- **Task item**
Only an exact retyping of all the entries counts as an answer.

Dataset entries:
◇ ◇ ◇ ◇ ◇ ◇ ◇
(* Let $n\ge 3$ and let $A=[a_{ij}]$ be a real $n\times n$ matrix with zero diagonal, with LOP objective function $f_A:\Sigma_n\to\mathbb{R}$, $f_A(\sigma)=\sum_{i=1}^{n-1}\sum_{j=i+1}^{n}a_{\sigma(i)\sigma(j)}$. Then $f_A=f_1+f_2$, where $f_1$ is the LOP objective function of a real $n\times n$ zero-diagonal matrix $B=[b_{ij}]$ satisfying $b_{ij}-b_{ji}+b_{jk}-b_{kj}=b_{ik}-b_{ki}$ for all $i,j,k\in\{1,\dots,n\}$ (equivalently $\hat{(f_1)}_{(n-2,1,1)}=0$), and $f_2$ is the LOP objective function of a real $n\times n$ zero-diagonal matrix $C=[c_{ij}]$ satisfying $\sum_{j=1}^n(c_{ij}-c_{ji})=0$ for all $i$ (equivalently $\hat{(f_2)}_{(n-1,1)}=0$).
   Context: $\Sigma_n$ is the symmetric group on $\{1,\dots,n\}$; a permutation $\sigma$ is written in one-line notation $[\sigma(1)\ \sigma(2)\ \cdots\ \sigma(n)]$, where $\sigma(k)$ is the row/column index of $A$ placed in position $k$. The Linear Ordering Problem (LOP) with input matrix $A$ asks to maximize $f_A$ over $\Sigma_n$. Fourier transform over $\Sigma_n$: for a function $f:\Sigma_n\to\mathbb{R}$ and a partition $\lambda$ of $n$, with $\rho_\lambda$ the irreducible (matrix) representation of $\Sigma_n$ indexed by $\lambda$, the Fourier coefficient is $\hat f_\lambda=\sum_{\sigma\in\Sigma_n}f(\sigma)\rho_\lambda(\sigma)$ (its vanishing does not depend on the choice of basis for $\rho_\lambda$). *)

From mathcomp Require Import all_boot all_order all_algebra all_fingroup.
Set Implicit Arguments. Unset Strict Implicit. Unset Printing Implicit Defensive.
Import GRing.Theory Num.Theory.
Local Open Scope ring_scope.

(* Indices are 0-based: 'I_n = {0,...,n-1} stands for {1,...,n}.
   A permutation s : 'S_n places row/column index s k of A at position k.
   LOP objective: f_A(s) = sum_{i<j} A (s i) (s j). *)
Definition lop_obj (R : nzRingType) (n : nat) (A : 'M[R]_n) (s : 'S_n) : R :=
  \sum_(i < n) \sum_(j < n | (i < j)%N) A (s i) (s j).

Definition zero_diag (R : nzRingType) (n : nat) (A : 'M[R]_n) : Prop :=
  forall i : 'I_n, A i i = 0.

From mathcomp Require Import all_boot all_order all_algebra all_fingroup.
From mathcomp Require Import ring.
Set Implicit Arguments. Unset Strict Implicit. Unset Printing Implicit Defensive.
Import GRing.Theory Num.Theory.
Local Open Scope ring_scope.

(* Write r_i = sum_j (a_ij - a_ji) for the net flow of A at i; the r_i sum to
   zero.  The skew part of B is taken to be a gradient, b_ij - b_ji = x_i - x_j
   with x = r / n, which makes the cocycle identity automatic, and this choice
   gives B the same net flow r as A.  Since f_A is linear in A, the remainder
   C = A - B has zero net flow everywhere. *)

Lemma lop_objD (R : nzRingType) (n : nat) (A B : 'M[R]_n) (s : 'S_n) :
  lop_obj (A + B) s = lop_obj A s + lop_obj B s.
Proof.
rewrite /lop_obj -big_split; apply: eq_bigr => i _.
by rewrite -big_split; apply: eq_bigr => j _; rewrite mxE.
Qed.

Definition net_flow (R : zmodType) (n : nat) (A : 'M[R]_n) (i : 'I_n) : R :=
  \sum_(j < n) (A i j - A j i).

Lemma net_flowB (R : zmodType) (n : nat) (A B : 'M[R]_n) (i : 'I_n) :
  net_flow (A - B) i = net_flow A i - net_flow B i.
Proof.
rewrite /net_flow -sumrB; apply: eq_bigr => j _.
by rewrite !mxE !opprB addrACA [in RHS]addrACA [- B i j - _]addrC.
Qed.

Lemma sum_net_flow (R : zmodType) (n : nat) (A : 'M[R]_n) :
  \sum_(i < n) net_flow A i = 0.
Proof.
rewrite /net_flow; under eq_bigr do rewrite sumrB.
by rewrite sumrB (exchange_big _ _ _ _ _ (fun i j => A j i)) subrr.
Qed.

Section GradientMatrix.

Variables (R : numFieldType) (n : nat).

Definition grad_mx (x : 'I_n -> R) : 'M[R]_n :=
  \matrix_(i, j) ((x i - x j) / 2%:R).

Lemma grad_mx_skew (x : 'I_n -> R) (i j : 'I_n) :
  grad_mx x i j - grad_mx x j i = x i - x j.
Proof. by rewrite !mxE; field. Qed.

Lemma grad_mx_zero_diag (x : 'I_n -> R) : zero_diag (grad_mx x).
Proof. by move=> i; rewrite mxE subrr mul0r. Qed.

Lemma grad_mx_cocycle (x : 'I_n -> R) (i j k : 'I_n) :
  grad_mx x i j - grad_mx x j i + (grad_mx x j k - grad_mx x k j)
  = grad_mx x i k - grad_mx x k i.
Proof. by rewrite !grad_mx_skew addrA subrK. Qed.

Lemma net_flow_grad_mx (x : 'I_n -> R) (i : 'I_n) :
  net_flow (grad_mx x) i = n%:R * x i - \sum_(j < n) x j.
Proof.
rewrite /net_flow; under eq_bigr do rewrite grad_mx_skew.
by rewrite sumrB sumr_const card_ord mulr_natl.
Qed.

Lemma net_flow_grad_mx_balanced (r : 'I_n -> R) :
  (0 < n)%N -> \sum_(i < n) r i = 0 ->
  forall i, net_flow (grad_mx (fun j => r j / n%:R)) i = r i.
Proof.
move=> n_gt0 sum_r0 i; have n_neq0 : n%:R != 0 :> R by rewrite pnatr_eq0 -lt0n.
by rewrite net_flow_grad_mx -mulr_suml sum_r0 mul0r subr0 mulrC divfK.
Qed.

End GradientMatrix.

Theorem mainTheorem1 (R : realFieldType) (n : nat) (A : 'M[R]_n) :
  (3 <= n)%N -> zero_diag A ->
  exists B C : 'M[R]_n,
    [/\ zero_diag B,
        (forall i j k : 'I_n, B i j - B j i + (B j k - B k j) = B i k - B k i),
        zero_diag C,
        (forall i : 'I_n, \sum_(j < n) (C i j - C j i) = 0) &
        (forall s : 'S_n, lop_obj A s = lop_obj B s + lop_obj C s)].
Proof.
move=> n_ge3 zA; have n_gt0 : (0 < n)%N by apply: leq_trans n_ge3.
pose B := grad_mx (fun j => net_flow A j / n%:R).
exists B, (A - B); split.
- exact: grad_mx_zero_diag.
- exact: grad_mx_cocycle.
- by move=> i; rewrite !mxE zA subrr mul0r subr0.
- move=> i; rewrite -[LHS]/(net_flow (A - B) i) net_flowB.
  by rewrite net_flow_grad_mx_balanced ?sum_net_flow ?subrr.
- by move=> s; rewrite -lop_objD addrC subrK.
Qed.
◇ ◇ ◇ ◇ ◇ ◇ ◇
- **Your response**
(* Let $n\ge 3$ and let $A=[a_{ij}]$ be a real $n\times n$ matrix with zero diagonal, with LOP objective function $f_A:\Sigma_n\to\mathbb{R}$, $f_A(\sigma)=\sum_{i=1}^{n-1}\sum_{j=i+1}^{n}a_{\sigma(i)\sigma(j)}$. Then $f_A=f_1+f_2$, where $f_1$ is the LOP objective function of a real $n\times n$ zero-diagonal matrix $B=[b_{ij}]$ satisfying $b_{ij}-b_{ji}+b_{jk}-b_{kj}=b_{ik}-b_{ki}$ for all $i,j,k\in\{1,\dots,n\}$ (equivalently $\hat{(f_1)}_{(n-2,1,1)}=0$), and $f_2$ is the LOP objective function of a real $n\times n$ zero-diagonal matrix $C=[c_{ij}]$ satisfying $\sum_{j=1}^n(c_{ij}-c_{ji})=0$ for all $i$ (equivalently $\hat{(f_2)}_{(n-1,1)}=0$).
   Context: $\Sigma_n$ is the symmetric group on $\{1,\dots,n\}$; a permutation $\sigma$ is written in one-line notation $[\sigma(1)\ \sigma(2)\ \cdots\ \sigma(n)]$, where $\sigma(k)$ is the row/column index of $A$ placed in position $k$. The Linear Ordering Problem (LOP) with input matrix $A$ asks to maximize $f_A$ over $\Sigma_n$. Fourier transform over $\Sigma_n$: for a function $f:\Sigma_n\to\mathbb{R}$ and a partition $\lambda$ of $n$, with $\rho_\lambda$ the irreducible (matrix) representation of $\Sigma_n$ indexed by $\lambda$, the Fourier coefficient is $\hat f_\lambda=\sum_{\sigma\in\Sigma_n}f(\sigma)\rho_\lambda(\sigma)$ (its vanishing does not depend on the choice of basis for $\rho_\lambda$). *)

From mathcomp Require Import all_boot all_order all_algebra all_fingroup.
Set Implicit Arguments. Unset Strict Implicit. Unset Printing Implicit Defensive.
Import GRing.Theory Num.Theory.
Local Open Scope ring_scope.

(* Indices are 0-based: 'I_n = {0,...,n-1} stands for {1,...,n}.
   A permutation s : 'S_n places row/column index s k of A at position k.
   LOP objective: f_A(s) = sum_{i<j} A (s i) (s j). *)
Definition lop_obj (R : nzRingType) (n : nat) (A : 'M[R]_n) (s : 'S_n) : R :=
  \sum_(i < n) \sum_(j < n | (i < j)%N) A (s i) (s j).

Definition zero_diag (R : nzRingType) (n : nat) (A : 'M[R]_n) : Prop :=
  forall i : 'I_n, A i i = 0.

From mathcomp Require Import all_boot all_order all_algebra all_fingroup.
From mathcomp Require Import ring.
Set Implicit Arguments. Unset Strict Implicit. Unset Printing Implicit Defensive.
Import GRing.Theory Num.Theory.
Local Open Scope ring_scope.

(* Write r_i = sum_j (a_ij - a_ji) for the net flow of A at i; the r_i sum to
   zero.  The skew part of B is taken to be a gradient, b_ij - b_ji = x_i - x_j
   with x = r / n, which makes the cocycle identity automatic, and this choice
   gives B the same net flow r as A.  Since f_A is linear in A, the remainder
   C = A - B has zero net flow everywhere. *)

Lemma lop_objD (R : nzRingType) (n : nat) (A B : 'M[R]_n) (s : 'S_n) :
  lop_obj (A + B) s = lop_obj A s + lop_obj B s.
Proof.
rewrite /lop_obj -big_split; apply: eq_bigr => i _.
by rewrite -big_split; apply: eq_bigr => j _; rewrite mxE.
Qed.

Definition net_flow (R : zmodType) (n : nat) (A : 'M[R]_n) (i : 'I_n) : R :=
  \sum_(j < n) (A i j - A j i).

Lemma net_flowB (R : zmodType) (n : nat) (A B : 'M[R]_n) (i : 'I_n) :
  net_flow (A - B) i = net_flow A i - net_flow B i.
Proof.
rewrite /net_flow -sumrB; apply: eq_bigr => j _.
by rewrite !mxE !opprB addrACA [in RHS]addrACA [- B i j - _]addrC.
Qed.

Lemma sum_net_flow (R : zmodType) (n : nat) (A : 'M[R]_n) :
  \sum_(i < n) net_flow A i = 0.
Proof.
rewrite /net_flow; under eq_bigr do rewrite sumrB.
by rewrite sumrB (exchange_big _ _ _ _ _ (fun i j => A j i)) subrr.
Qed.

Section GradientMatrix.

Variables (R : numFieldType) (n : nat).

Definition grad_mx (x : 'I_n -> R) : 'M[R]_n :=
  \matrix_(i, j) ((x i - x j) / 2%:R).

Lemma grad_mx_skew (x : 'I_n -> R) (i j : 'I_n) :
  grad_mx x i j - grad_mx x j i = x i - x j.
Proof. by rewrite !mxE; field. Qed.

Lemma grad_mx_zero_diag (x : 'I_n -> R) : zero_diag (grad_mx x).
Proof. by move=> i; rewrite mxE subrr mul0r. Qed.

Lemma grad_mx_cocycle (x : 'I_n -> R) (i j k : 'I_n) :
  grad_mx x i j - grad_mx x j i + (grad_mx x j k - grad_mx x k j)
  = grad_mx x i k - grad_mx x k i.
Proof. by rewrite !grad_mx_skew addrA subrK. Qed.

Lemma net_flow_grad_mx (x : 'I_n -> R) (i : 'I_n) :
  net_flow (grad_mx x) i = n%:R * x i - \sum_(j < n) x j.
Proof.
rewrite /net_flow; under eq_bigr do rewrite grad_mx_skew.
by rewrite sumrB sumr_const card_ord mulr_natl.
Qed.

Lemma net_flow_grad_mx_balanced (r : 'I_n -> R) :
  (0 < n)%N -> \sum_(i < n) r i = 0 ->
  forall i, net_flow (grad_mx (fun j => r j / n%:R)) i = r i.
Proof.
move=> n_gt0 sum_r0 i; have n_neq0 : n%:R != 0 :> R by rewrite pnatr_eq0 -lt0n.
by rewrite net_flow_grad_mx -mulr_suml sum_r0 mul0r subr0 mulrC divfK.
Qed.

End GradientMatrix.

Theorem mainTheorem1 (R : realFieldType) (n : nat) (A : 'M[R]_n) :
  (3 <= n)%N -> zero_diag A ->
  exists B C : 'M[R]_n,
    [/\ zero_diag B,
        (forall i j k : 'I_n, B i j - B j i + (B j k - B k j) = B i k - B k i),
        zero_diag C,
        (forall i : 'I_n, \sum_(j < n) (C i j - C j i) = 0) &
        (forall s : 'S_n, lop_obj A s = lop_obj B s + lop_obj C s)].
Proof.
move=> n_ge3 zA; have n_gt0 : (0 < n)%N by apply: leq_trans n_ge3.
pose B := grad_mx (fun j => net_flow A j / n%:R).
exists B, (A - B); split.
- exact: grad_mx_zero_diag.
- exact: grad_mx_cocycle.
- by move=> i; rewrite !mxE zA subrr mul0r subr0.
- move=> i; rewrite -[LHS]/(net_flow (A - B) i) net_flowB.
  by rewrite net_flow_grad_mx_balanced ?sum_net_flow ?subrr.
- by move=> s; rewrite -lop_objD addrC subrK.
Qed.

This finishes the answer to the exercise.